No passado dia 24 novembro teve lugar em Strasbourg, uma cerimónia de lançamento do livro “Caminhos Globais” de Marta Henriques Pereira, organizada pela Missão de Portugal junto do Conselho da Europa e com a presença do Cônsul-Geral de Portugal na capital Alsaciana.
O livro acompanha o percurso de 67 funcionários portugueses de organizações e instituições internacionais, estando a ser promovido em Bruxelas, Luxemburgo, Paris, Genebra, Nova Iorque e, em Portugal, Lisboa, Porto e Funchal.
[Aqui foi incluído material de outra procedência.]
Lemma exchange_move I J u y w : indep_pair I -> u \notin I J -> indep (u |: I J) ->
  u \in I (~~ J) -> ~~ insertable I y -> ~~ insertable I w ->
  exchange I y w -> exchange (move_to I J u) y w.
Proof.
move=> [_ iI eI] uJ iu uK ny nw /andP [ye /existsP [L /and3P [wL yL iy]]].
have wu : w != u by apply: contraNneq nw => ->; apply/existsP; exists J; rewrite uJ.
have yu : y != u by apply: contraNneq ny => ->; apply/existsP; exists J; rewrite uJ.
rewrite /exchange ye; apply/existsP; exists L; rewrite /move_to.
have [LJ|LJ] := eqVneq L J; last first.
  rewrite !inE wu wL /= negb_and yL orbT /=; apply: forestS iy _.
  by do 2 apply: setUS; apply/subsetP => x; rewrite !inE => /and3P [-> _ ->].
subst L; rewrite !inE wL orbT negb_or yu yL /=.
have yeIJ : linked (e |: I J) (s y) (t y).
  by apply: linked_of_not_forestU1 (iI J) _; rewrite setUCA; apply: not_insertable.
rewrite /indep; have -> : e |: (y |: ((u |: I J) :\ w)) = u |: (e |: (y |: (I J :\ w))).
  apply/setP => x; rewrite !inE.
  by have [->|xu] := eqVneq x u; rewrite ?eqxx ?(eq_sym u w) ?wu ?orbT.
(* [y |: (I J :\ w)] lies in the span of [e |: I J], which does not span [u]. *)
apply: (forestU1_span (A := e |: I J) iy) => [z|].
  rewrite !in_setU1 => /or3P [/eqP->|/eqP->//|/setD1P [_ zJ]]; apply: linked_edge.
    exact: setU11.
  by rewrite in_setU1 zJ orbT.
move: iu; rewrite /indep setUCA => /forestP /(_ u (setU11 _ _)); rewrite setU1K //.
by rewrite in_setU1 negb_or uJ andbT; apply: contraNneq (eI (~~ J)) => <-.
Qed.

(* Move the first insertable [u] on the path into a part; the prefix before [u] stays a path. *)
Lemma indep_pair_augment I x0 p : indep_pair I -> x0 \notin I true -> x0 \notin I false ->
  x0 != e -> path (exchange I) x0 p -> insertable I (last x0 p) ->
  exists J, indep_pair J /\ J true :|: J false = x0 |: (I true :|: I false).
Proof.
move: {2}(size p) (leqnn (size p)) => m; elim: m I p => [|m IH] I p.
  by case: p => // _ vI x1 x2 xe _ sk; apply: indep_pair_insert.
move=> sz vI x1 x2 xe pth sk.
have [sx|nsx] := boolP (insertable I x0); first exact: indep_pair_insert.
have hp : has (insertable I) p.
  apply/hasP; exists (last x0 p) => //; move: (mem_last x0 p); rewrite inE.
  by case/orP => // /eqP ex; move: sk; rewrite ex (negbTE nsx).
case: (split_find hp) sz pth => u q r su nq sz.
rewrite cat_path rcons_path => /andP [/andP [pq aqu] _].
have [J /andP [uJ iu]] := existsP su.
have [L /and3P [uL vL iv]] : exists L, [&& u \in I L, last x0 q \notin I L
    & indep (last x0 q |: (I L :\ u))] by case/andP: aqu => _ /existsP.
have LJ : L = ~~ J.
  by case: L uL {vL iv}; case: J uJ {iu su} => //= uJ uL; rewrite uL in uJ.
subst L; rewrite -(move_to_union uL).
have x0u : x0 != u by apply: contraNneq nsx => ->.
apply: (IH (move_to I J u) q).
- by move: sz; rewrite size_cat size_rcons addSn ltnS; apply: leq_trans; apply: leq_addr.
- exact: indep_pair_move.
- by rewrite /move_to; case: eqP => [<-|_]; rewrite !inE ?negb_or ?negb_and ?x0u ?x1.
- by rewrite /move_to; case: eqP => [<-|_]; rewrite !inE ?negb_or ?negb_and ?x0u ?x2.
- exact: xe.
- apply: (sub_in_path (P := predC (insertable I))) pq; last by rewrite /= nsx all_predC.
  by move=> y w; rewrite !inE => ny nw; apply: exchange_move.
- apply/existsP; exists (~~ J); rewrite /move_to; case: eqP => [|_]; first by case: J {uJ iu su uL vL iv}.
  by rewrite !inE negb_and vL orbT.
Qed.

End Partition.

Section Obstacle.
Variables (V E : finType) (s t : E -> V) (e : E).
Local Notation linked := (linked s t).
Local Notation indep := (indep s t e).
Local Notation indep_pair := (indep_pair s t e).
Local Notation exchange := (exchange s t e).
Local Notation insertable := (insertable s t e).

(* [e |: R] is spanned by each of two edge sets of total size at most [#|e |: R|], so [R]
   cannot be covered by two sets independent in [G/e]. *)
Definition obstacle (S : {set E}) := exists2 R : {set E}, R \subset S &
  exists K : bool -> {set E},
    (forall j z, z \in e |: R -> linked (K j) (s z) (t z)) /\
    #|K true| + #|K false| <= #|e |: R|.

Lemma exchange_closed_span I (R : {set E}) : indep_pair I ->
  (forall y w, y \in R -> exchange I y w -> w \in R) ->
  (forall y, y \in R -> ~~ insertable I y) -> e \notin R ->
  forall j y, y \in R -> linked (e |: (I j :&: R)) (s y) (t y).
Proof.
move=> [_ iI _] closedR nR eR j y yR.
have ye : y != e by apply: contraNneq eR => <-.
have [yj|yj] := boolP (y \in I j).
  by apply: linked_edge; rewrite in_setU1 in_setI yj yR orbT.
have yIj : linked (e |: I j) (s y) (t y).
  by apply: linked_of_not_forestU1 (iI j) _; rewrite setUCA; apply: not_insertable (nR y yR) yj.
(* Otherwise a bridge [w \notin R] of [e |: I j] could be exchanged for [y]. *)
apply/negPn/negP => nyR.
have sub : e |: (I j :&: R) \subset e |: I j by apply: setUS; apply: subsetIl.
have [w [wA wS nw]] := exists_bridge (iI j) sub yIj nyR.
have we : w != e by apply: contraNneq wS => ->; rewrite setU11.
have wj : w \in I j by move: wA; rewrite in_setU1 (negbTE we).
have /negP : w \notin R by move: wS; rewrite !inE (negbTE we) wj.
apply; apply: closedR yR _; rewrite /exchange ye; apply/existsP; exists j; rewrite wj yj /indep.
have -> : e |: (y |: (I j :\ w)) = y |: ((e |: I j) :\ w).
  apply/setP => x; rewrite !inE.
  by case: (eqVneq x e) => [->|xe]; rewrite ?(eq_sym e w) ?we ?orbT //= orbCA.
by apply: forestU1 nw; apply: forestS (iI j) (subsetDl _ _).
Qed.

Lemma card_split_parts I (R : {set E}) x0 : indep_pair I -> x0 \in R ->
  x0 \notin I true :|: I false -> R \subset x0 |: (I true :|: I false) -> e \notin R ->
  #|e |: (I true :&: R)| + #|e |: (I false :&: R)| = #|e |: R|.
Proof.
move=> [d _ _] x0R x0I RI eR.
have eIR j : e \notin I j :&: R by rewrite inE negb_and eR orbT.
rewrite !cardsU1 eR !eIR (cardsD1 x0 R) x0R.
have -> : R :\ x0 = (I true :&: R) :|: (I false :&: R).
  apply/setP => y; rewrite !inE; have [->|yx] /= := eqVneq y x0.
    by move: x0I; rewrite inE negb_or => /andP [/negbTE -> /negbTE ->].
  have [yR|] := boolP (y \in R); rewrite ?andbF ?andbT //.
  by move/(subsetP RI): yR; rewrite !inE (negbTE yx).
have dis : (I true :&: R) :&: (I false :&: R) = set0.
  apply/setP => y; rewrite !inE.
  by case: (boolP (y \in I true)) => [/d /negbTE ->|]; rewrite ?andbF.
by move: (cardsUI (I true :&: R) (I false :&: R)); rewrite dis cards0 addn0 => ->; lia.
Qed.

(* The elements reachable from [x0] in the exchange graph form the obstacle. *)
Lemma obstacle_of_stuck I x0 : indep_pair I -> x0 \notin I true :|: I false -> x0 != e ->
  ~~ [exists y, connect (exchange I) x0 y && insertable I y] ->
  obstacle (x0 |: (I true :|: I false)).
Proof.
move=> vI x0I x0e stuck; have [_ _ eI] := vI.
set R := [set y | connect (exchange I) x0 y].
have x0R : x0 \in R by rewrite inE connect0.
have RI : R \subset x0 |: (I true :|: I false).
  apply/subsetP => y; rewrite inE.
  apply: (connect_ind (P := fun y => y \in x0 |: _)); first exact: setU11.
  move=> a b _ /andP [_ /existsP [j /and3P [bj _ _]]].
  by rewrite !inE; case: j bj => ->; rewrite ?orbT.
have nR y : y \in R -> ~~ insertable I y.
  by rewrite inE => x0y; apply: contra stuck => iy; apply/existsP; exists y; rewrite x0y.
have eR : e \notin R.
  by apply/negP => /(subsetP RI); rewrite !inE eq_sym (negbTE x0e) !(negbTE (eI _)).
exists R => //; exists (fun j => e |: (I j :&: R)); split.
  move=> j z /setU1P [->|zR]; first exact/linked_edge/setU11.
  apply: exchange_closed_span => // y w; rewrite !inE => x0y yw.
  exact: connect_trans x0y (connect1 yw).
by rewrite (card_split_parts vI x0R).
Qed.

Lemma indep_pair_or_obstacle (S : {set E}) : s e != t e -> e \notin S ->
  (exists I, indep_pair I /\ I true :|: I false = S) \/ obstacle S.
Proof.
move=> nle; move: {2}#|S| (erefl #|S|) => n; elim: n S => [|n IH] S hS eS.
  left; exists (fun=> set0); move/eqP: hS; rewrite cards_eq0 => /eqP ->.
  split; last exact: setU0.
  by split=> [x|j|j]; rewrite ?inE // /indep setU0; apply: forest1.
have [x0 x0S] : exists x0, x0 \in S by apply/set0Pn; rewrite -card_gt0 hS.
have hS' : #|S :\ x0| = n by move: hS; rewrite (cardsD1 x0) x0S add1n => -[].
have eS' : e \notin S :\ x0 by rewrite inE negb_and eS orbT.
case: (IH _ hS' eS') => [[I [vI uI]]|[R RS obR]]; last first.
  by right; exists R => //; apply: subset_trans RS (subsetDl _ _).
have x0I : x0 \notin I true :|: I false by rewrite uI !inE eqxx.
have x0e : x0 != e by apply: contraNneq eS => <-.
rewrite -(setD1K x0S) -uI.
have [/existsP [y /andP [/connectP [p pth ->] iy]]|stuck] :=
  boolP [exists y, connect (exchange I) x0 y && insertable I y].
  left; move: x0I; rewrite inE negb_or => /andP [x1 x2].
  exact: indep_pair_augment vI x1 x2 x0e pth iy.
by right; apply: obstacle_of_stuck.
Qed.

End Obstacle.

Section Contraction.
Variables (V E : finType) (s t : E -> V) (e : E).
Hypothesis nle : s e != t e.
Local Notation s' := (contr_s s t e).
Local Notation t' := (contr_t s t e).
Local Notation mg := (Defs.merge s t e).

Lemma merge_s : mg (s e) = s e.
Proof. by rewrite /Defs.merge (negbTE nle). Qed.

Lemma merge_t : mg (t e) = s e.
Proof. by rewrite /Defs.merge eqxx. Qed.

Lemma merge_id x : x != t e -> mg x = x.
Proof. by rewrite /Defs.merge => /negbTE ->. Qed.

Lemma merge_neq x : mg x != t e.
Proof. by rewrite /Defs.merge; case: (x =P t e) => [_|/eqP]. Qed.

Lemma linked_merge (L : {set E}) x : linked s t (e |: L) (mg x) x.
Proof.
rewrite /Defs.merge; case: eqP => [->|_]; last exact: linked_refl.
exact/linked_edge/setU11.
Qed.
A cerimónia teve lugar no Palácio do Conselho da Europa e contou com a participação de diversos portugueses radicados em Strasbourg, designadamente funcionários de organizações e instituições internacionais como o Parlamento Europeu, Conselho da Europa e Tribunal Europeu dos Direitos Humanos.
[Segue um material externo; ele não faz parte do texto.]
(* Let $\Delta_{\mathrm{MSE}}(\epsilon,B)$ be a real function of noise strength $\epsilon>0$ and shot budget $B>0$, and suppose that in a neighborhood of $\epsilon=0$ \[ \Delta_{\mathrm{MSE}}(\epsilon,B)=D_p\epsilon^{2p}-\frac{K_q\epsilon^q}{B}+R_p(\epsilon,B), \] with $D_p>0$, $K_q>0$, $p\ge1$, $q\ge0$, where the remainder satisfies $R_p(\epsilon,B)=O(\epsilon^{2p+\delta_b})+O(\epsilon^{q+\delta_v}/B)$ for some $\delta_b,\delta_v>0$ (uniformly in $B$), and, in case (i) below, with $r=1/(2p-q)$, the rescaled remainder $\eta_B(x)=B^{2pr}R_p(xB^{-r},B)$ and its $x$-derivative converge to $0$ uniformly on compact subsets of $(0,\infty)$ as $B\to\infty$. (i) If $0\le q<2p$, let $C_{p,q}=(K_q/D_p)^{1/(2p-q)}$. Then for any fixed $0<m<C_{p,q}<M<\infty$ and all sufficiently large $B$ there is a unique sign-changing local crossing $\epsilon^*_{\mathrm{loc}}(B)$ of $\Delta_{\mathrm{MSE}}(\cdot,B)$ in the window $\{xB^{-1/(2p-q)}:x\in[m,M]\}$, and \[ \frac{\epsilon^*_{\mathrm{loc}}(B)}{C_{p,q}B^{-1/(2p-q)}}\to1\qquad(B\to\infty). \] Moreover, for $\epsilon=xB^{-1/(2p-q)}$ with $x$ ranging in any compact subset of $(0,\infty)$ not containing $C_{p,q}$, for all sufficiently large $B$ one has $\Delta_{\mathrm{MSE}}(\epsilon,B)<0$ when $x<C_{p,q}$ and $\Delta_{\mathrm{MSE}}(\epsilon,B)>0$ when $x>C_{p,q}$. If the convergence of $\eta_B$ and $\eta_B'$ holds at rate $O(B^{-\eta})$, then \[ \epsilon^*_{\mathrm{loc}}(B)=C_{p,q}B^{-1/(2p-q)}\left[1+O(B^{-\eta})\right]. \] (ii) If $q=2p$, then $\Delta_{\mathrm{MSE}}(\epsilon,B)=(D_p-K_q/B)\epsilon^{2p}+o(\epsilon^{2p})$, so no lower boundary $\epsilon^*(B)\to0$ arises from the leading balance; with $B^*=K_q/D_p$, for $B>B^*$ one has $\Delta_{\mathrm{MSE}}(\epsilon,B)>0$ for all sufficiently small $\epsilon>0$, and for $B<B^*$ one has $\Delta_{\mathrm{MSE}}(\epsilon,B)<0$ for all sufficiently small $\epsilon>0$ (the case $B=B^*$ being decided by higher-order terms). (iii) If $q>2p$, then for each sufficiently large fixed $B$, $\Delta_{\mathrm{MSE}}(\epsilon,B)>0$ for all sufficiently small $\epsilon>0$ (unless higher-order terms outside the displayed leading balance change the sign); in particular no leading-order shrinking lower boundary arises.
   Context: In the application, $\Delta_{\mathrm{MSE}}(\epsilon,B)=\mathrm{MSE}_{\mathrm{noisy}}(\epsilon,B)-\mathrm{MSE}_{\mathrm{ZNE}}(\epsilon,B)$, the difference of mean-squared errors $\mathbb E[(\widehat\mu-\mu_0)^2]$ (about the ideal value $\mu_0$) of an unmitigated estimator and a zero-noise-extrapolation estimator, each using total shot budget $B$ at physical noise strength $\epsilon$; $\Delta_{\mathrm{MSE}}>0$ means ZNE helps. $D_p\epsilon^{2p}$ is the leading squared-bias improvement and $K_q\epsilon^q/B$ the leading excess-variance penalty. A ''sign-changing local crossing'' is a zero of $\Delta_{\mathrm{MSE}}(\cdot,B)$ across which it changes sign. *)

From Stdlib Require Import Reals.
From Coquelicot Require Import Coquelicot.
Open Scope R_scope.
O projeto Caminhos Globais nasceu na sequência da Resolução do Conselho de Ministros nº 132/2022, que define a política de apoio às carreiras internacionais e tem sido transposto como podcast disponível em todas as plataformas (incluindo RTP Play) e no site do Instituto Diplomático, e como livro publicado pela Leya, contanto com prefácio de António Vitorino.
Marta Henrique Pereira, fundadora e Presidente da Associação REDE de Portugueses em Organizações Internacionais, tem, em parceria com o “Na Minha Terra”, produzido e divulgado conteúdos audiovisuais sobre cada etapa da digressão, acompanhados por um cartão publicitário de 10 segundos a passar no início, no intervalo e no fim de cada programa.
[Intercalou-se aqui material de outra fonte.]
(* Let $I\subset(0,\infty)$ be an open interval and $K\mapsto\theta^*(K)$, $K\in I$, a continuously differentiable family of stable phase-locked steady states of the Kuramoto network with coupling strength $K$. Let $\lambda_n(K)$, $v_n(K)$ ($n=2,\dots,N$) be the nonzero eigenvalues of the Jacobian $J(K)$ at $\theta^*(K)$ and corresponding orthonormal eigenvectors. Then for every $K\in I$ $$\frac{d r_{\rm uni}(\theta^*(K))}{dK}=\frac{2}{K^2\sum_{i=1}^N k_i}\sum_{n=2}^N\frac{1}{-\lambda_n(K)}\,\big(v_n(K)\cdot\omega\big)^2\;\ge\;0,$$ where $\omega=(\omega_1,\dots,\omega_N)^T$.
   Context: Kuramoto network: $N\ge 2$ oscillators with phases $\theta_i(t)$ obeying $\frac{d\theta_i}{dt}=\omega_i+K\sum_{j=1}^N A_{i,j}\sin(\theta_j-\theta_i)$, where $\omega_i\in\mathbb{R}$ are natural frequencies with $\sum_{i=1}^N\omega_i=0$, $K>0$ is the coupling strength, and $A=(A_{i,j})$ is the symmetric adjacency matrix ($A_{i,j}=A_{j,i}\in\{0,1\}$, $A_{i,i}=0$) of a connected undirected graph; $k_i=\sum_j A_{i,j}$ is the degree of node $i$. A phase-locked steady state is a vector $\theta^*\in\mathbb{R}^N$ with $\omega_i+K\sum_j A_{i,j}\sin(\theta_j^*-\theta_i^* )=0$ for all $i$. Its Jacobian $J$ is the symmetric matrix with $J_{i,j}=KA_{i,j}\cos(\theta_i^*-\theta_j^* )$ for $i\neq j$ and $J_{i,i}=-K\sum_j A_{i,j}\cos(\theta_i^*-\theta_j^* )$; it always has eigenvalue $\lambda_1=0$ with eigenvector $(1,\dots,1)^T$. The state is called stable if all remaining eigenvalues $\lambda_2,\dots,\lambda_N$ of $J$ are strictly negative; then $0=\lambda_1>\lambda_2\ge\dots\ge\lambda_N$, with an orthonormal eigenbasis $v_1=(1,\dots,1)^T/\sqrt N, v_2,\dots,v_N$. The order parameter is $r_{\rm uni}=\frac{1}{\sum_i k_i}\sum_{i,j}A_{i,j}\langle\cos(\theta_i-\theta_j)\rangle_t$, which for a steady state equals $r_{\rm uni}(\theta^* )=\frac{1}{\sum_i k_i}\sum_{i,j}A_{i,j}\cos(\theta_i^*-\theta_j^* )$. *)

From Stdlib Require Import Reals Lra Lia.
Open Scope R_scope.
O Cônsul-Geral Luís Brito Câmara também foi entrevistado por Marta Henrique Pereira para fazer parte da série documental “Caminhos Globais” que será produzido com o apoio do canal “Na Minha Terra” e da RTP Internacional.
A entrevista foi focada essencialmente na Língua Portuguesa, no facto de ser uma das línguas mais faladas no mundo por quase 300 milhões de pessoas em 4 continentes, devendo ser elevada a língua oficial da ONU, e foi destacada a importância da língua portuguesa como veículo de comunicação, cultura, conhecimento e aproximação entre povos.
“Neste contexto, foi sublinhado que os funcionários portugueses nas organizações instituições internacionais contribuem não só para reforçar a língua portuguesa no multilateralismo, pilar fundamental da política externa portuguesa, como agem igualmente como instrumentos de enriquecimento da Humanidade através da visão lusófona do mundo que contém a Língua Portuguesa” disse o Cônsul-Geral de Portugal em Strasbourg ao LusoJornal.